Кира Михайловна набрала воздуху, но я предупредительно поднял руку.
— Да вроде даже заговаривается, — нерешительно сказал Коростельский.
— Несчастье, несчастье!.. — не выдержав, в голос взвыла Кира Михайловна-Не будем судьями… кому дано испытать, тот поймет…
— Все ясно, пойдемте, — я взял бледного Коростельского под руку, мы пошли вперед, а Селезнева семенила позади, продолжая что-то бубнить себе под нос.
— Вы пока не вмешивайтесь! — велел я ей грубовато, и Кира Михайловна радостно закивала головой, как кукла на веревочке.
В двухметровом закутке, где помещался сейф, двухтумбовый стол и маленький столик с пищу щей машинкой, сидела Мария Алексеевна, и на ее лице подтекшей тушью была запечатлена гримаса чудовищной сосредоточенности.
— А, Витя! — сказала она, растерянно моргая. — Тебе чего, милый?
В ее предупредительности что-то нездоровое, лихорадочное. Непривычно слышать от нее домашнее «милый». Непривычно видеть ее неприбранной, неаккуратно причесанной. В свои зрелые лета Кондакова тщательно следит за внешностью — у нее всегда самая модная губная помада, самые модные тени над глазами.
— Взносы, что ли, уплатить? — сказал я первое, что пришло в голову. — У меня, кажется, за три месяца недобор.
Мария Алексеевна тут же с торопливой готовностью извлекла из ящика стола профсоюзные ведомости, что тоже было необычно. Взносы она принимает только в дни получки и очень в этом вопросе щепетильна.
Сейчас она долго копается в листах, никак не может отыскать мою фамилию, пальцы, которыми она с деревянной резвостью рыщет по спискам, еле заметно трепещут.
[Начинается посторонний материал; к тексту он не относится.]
(* For positive reals $\gamma,\sigma\le 1$, let $f_p$ be a $(\gamma,\sigma)$-distance over $\mathbb{R}^d$ scaled about a point $p\in\mathbb{R}^d$. Then there exists $\tau$, depending only on $\gamma$ and $\sigma$, such that $f_p$ is $\tau$-admissible, i.e. $\|\nabla f_p(x)\|\,\|x-p\|\le\tau f_p(x)$ and $\|\nabla^2 f_p(x)\|\,\|x-p\|^2\le\tau^2 f_p(x)$ at every point $x\ne p$ where $f_p$ is twice differentiable.
   Context: Given a closed convex body $K$ with the origin in its interior, the scaling distance about $p$ is $f_p(x)=0$ if $x=p$ and otherwise the smallest $r>0$ with $(x-p)/r\in K$. $K$ is centrally $\gamma$-fat if there are Euclidean balls $B\subseteq K\subseteq B'$ centered at the origin with $\mathrm{radius}(B)/\mathrm{radius}(B')\ge\gamma$; $K$ is $\sigma$-smooth if every boundary point $x$ of $K$ lies on the boundary of some closed Euclidean ball of diameter $\sigma\cdot\mathrm{diam}(K)$ contained in $K$. $f_p$ is a $(\gamma,\sigma)$-distance if its unit ball $K$ is centrally $\gamma$-fat and $\sigma$-smooth. Norms are Euclidean (spectral for matrices). *)

From mathcomp Require Import all_boot all_order all_algebra.
From mathcomp Require Import boolp classical_sets reals.
Set Implicit Arguments. Unset Strict Implicit. Unset Printing Implicit Defensive.
Import Order.TTheory GRing.Theory Num.Theory.
Local Open Scope classical_set_scope.
Local Open Scope ring_scope.

Section Defs.
Context {R : realType} {d : nat}.
Notation vec := 'rV[R]_d.

Definition edot (u v : vec) : R := \sum_(i < d) u 0 i * v 0 i.
Definition enorm (u : vec) : R := Num.sqrt (edot u u).

Definition specnorm (H : 'M[R]_d) : R :=
  sup [set r | exists v : vec, enorm v <= 1 /\ r = enorm (v *m H)].

Definition cball (c : vec) (r : R) : set vec := [set y | enorm (y - c) <= r].

Definition is_closed_set (K : set vec) : Prop :=
  forall x, (forall e, 0 < e -> exists y, K y /\ enorm (y - x) < e) -> K x.
Definition is_convex_set (K : set vec) : Prop :=
  forall x y (t : R), K x -> K y -> 0 <= t <= 1 -> K (t *: x + (1 - t) *: y).
Definition interior_pt (K : set vec) (x : vec) : Prop :=
  exists e, 0 < e /\ forall y, enorm (y - x) < e -> K y.
Definition boundary_pt (K : set vec) (x : vec) : Prop :=
  K x /\ ~ interior_pt K x.
Definition on_sphere (c : vec) (r : R) (x : vec) : Prop := enorm (x - c) = r.

Definition diam (K : set vec) : R :=
  sup [set r | exists x y, K x /\ K y /\ r = enorm (x - y)].

Definition convex_body0 (K : set vec) : Prop :=
  is_closed_set K /\ is_convex_set K /\ interior_pt K 0.

Definition centrally_fat (gamma : R) (K : set vec) : Prop :=
  exists r r', 0 < r /\ 0 < r' /\ cball 0 r `<=` K /\ K `<=` cball 0 r'
               /\ gamma <= r / r'.

Definition smooth_body (sigma : R) (K : set vec) : Prop :=
  forall x, boundary_pt K x ->
    exists c, cball c (sigma * diam K / 2) `<=` K /\ on_sphere c (sigma * diam K / 2) x.

Definition scaling_dist (K : set vec) (p : vec) (x : vec) : R :=
  if x == p then 0 else inf [set r | 0 < r /\ K (r^-1 *: (x - p))].

Definition has_gradient (f : vec -> R) (x g : vec) : Prop :=
  forall e, 0 < e -> exists delta, 0 < delta /\
    forall y, enorm (y - x) < delta ->
      `|f y - f x - edot g (y - x)| <= e * enorm (y - x).

Definition has_jacobian (G : vec -> vec) (x : vec) (H : 'M[R]_d) : Prop :=
  forall e, 0 < e -> exists delta, 0 < delta /\
    forall y, enorm (y - x) < delta ->
      enorm (G y - G x - (y - x) *m H) <= e * enorm (y - x).

Definition twice_diff_at (f : vec -> R) (x : vec) (G : vec -> vec) (H : 'M[R]_d) : Prop :=
  (exists delta, 0 < delta /\ forall y, enorm (y - x) < delta -> has_gradient f y (G y))
  /\ has_jacobian G x H.

End Defs.

From mathcomp Require Import all_boot all_order all_algebra.
From mathcomp Require Import boolp classical_sets reals.
From mathcomp Require Import ring lra.
Set Implicit Arguments. Unset Strict Implicit. Unset Printing Implicit Defensive.
Import Order.TTheory GRing.Theory Num.Theory.
Local Open Scope classical_set_scope.
Local Open Scope ring_scope.

(* Let f be the scaling distance, r and r' the radii of the balls about 0
   inside and around K.  For y <> p the point z = (y - p) / f y lies on the
   boundary of K, and smoothness gives a ball B of radius rho >= sigma r inside
   K touching it at z.  By convexity z - c is an outer normal of K at z, so
   n = (z - c) / <z - c, z> is a supporting slope of f at y with |n| <= 1/r.
   Since B is inside K, f (y + h) is at most any s such that (y + h - p) / s
   lies in B; this gives f (y + h) <= f y + <n, h> + L/2 |h|^2 for small h,
   with L of order r'^2 / (sigma r^4 f x) near x.  A function squeezed at
   every point between an affine minorant and such a quadratic majorant has
   these slopes as gradients, and they are L-Lipschitz by the co-coercivity
   argument of convex optimisation; hence |Hf x| <= L.  Together with
   |x - p| <= r' f x and gamma r' <= r this yields tau = 6 / (gamma^2 sigma). *)

Section Euclid.
Context {R : realType} {d : nat}.
Notation vec := 'rV[R]_d.
Implicit Types u v w : vec.

Lemma edotC u v : edot u v = edot v u.
Proof. by apply: eq_bigr => i _; rewrite mulrC. Qed.

Lemma edotDl u v w : edot (u + v) w = edot u w + edot v w.
Proof. by rewrite /edot -big_split; apply: eq_bigr => i _; rewrite mxE mulrDl. Qed.

Lemma edotZl a u v : edot (a *: u) v = a * edot u v.
Proof. by rewrite /edot mulr_sumr; apply: eq_bigr => i _; rewrite mxE mulrA. Qed.

Lemma edotNl u v : edot (- u) v = - edot u v.
Proof. by rewrite -scaleN1r edotZl mulN1r. Qed.

Lemma edotBl u v w : edot (u - v) w = edot u w - edot v w.
Proof. by rewrite edotDl edotNl. Qed.

Lemma edotDr u v w : edot u (v + w) = edot u v + edot u w.
Proof. by rewrite edotC edotDl !(edotC u). Qed.

Lemma edotZr a u v : edot u (a *: v) = a * edot u v.
Proof. by rewrite edotC edotZl edotC. Qed.

Lemma edotNr u v : edot u (- v) = - edot u v.
Proof. by rewrite edotC edotNl edotC. Qed.

Lemma edotBr u v w : edot u (v - w) = edot u v - edot u w.
Proof. by rewrite edotDr edotNr. Qed.

Lemma edot0r u : edot u 0 = 0.
Proof. by rewrite -(scale0r (0 : vec)) edotZr mul0r. Qed.

Lemma edotxx_ge0 u : 0 <= edot u u.
Proof. by apply: sumr_ge0 => i _; rewrite -expr2 sqr_ge0. Qed.

Lemma edotxx_eq0 u : edot u u = 0 -> u = 0.
Proof.
move=> /eqP; rewrite psumr_eq0 => [/allP u0|i _]; last by rewrite -expr2 sqr_ge0.
apply/rowP => j; rewrite mxE.
by have /u0 := mem_index_enum j; rewrite /= mulf_eq0 orbb => /eqP.
Qed.

Lemma enorm_ge0 u : 0 <= enorm u.
Proof. exact: sqrtr_ge0. Qed.

Lemma enorm_sqr u : enorm u ^+ 2 = edot u u.
Proof. by rewrite sqr_sqrtr // edotxx_ge0. Qed.

Lemma enormZ a u : enorm (a *: u) = `|a| * enorm u.
Proof.
by rewrite /enorm edotZl edotZr mulrA -expr2 sqrtrM ?sqr_ge0 // sqrtr_sqr.
Qed.

Lemma enormN u : enorm (- u) = enorm u.
Proof. by rewrite -scaleN1r enormZ normrN1 mul1r. Qed.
— Да, Виктор, — подтвердила она. — У тебя как раз за три месяца долг апрель, май, июнь. Будешь платить?
— А почему бы и нет.
Я достал свой кожаный кошелек сердечком — несуразный подарок Натальи, к которому я быстро привык, — и увидел, что недостает трех рублей.
— Пожалуй, за два месяца заплачу пока, за весну.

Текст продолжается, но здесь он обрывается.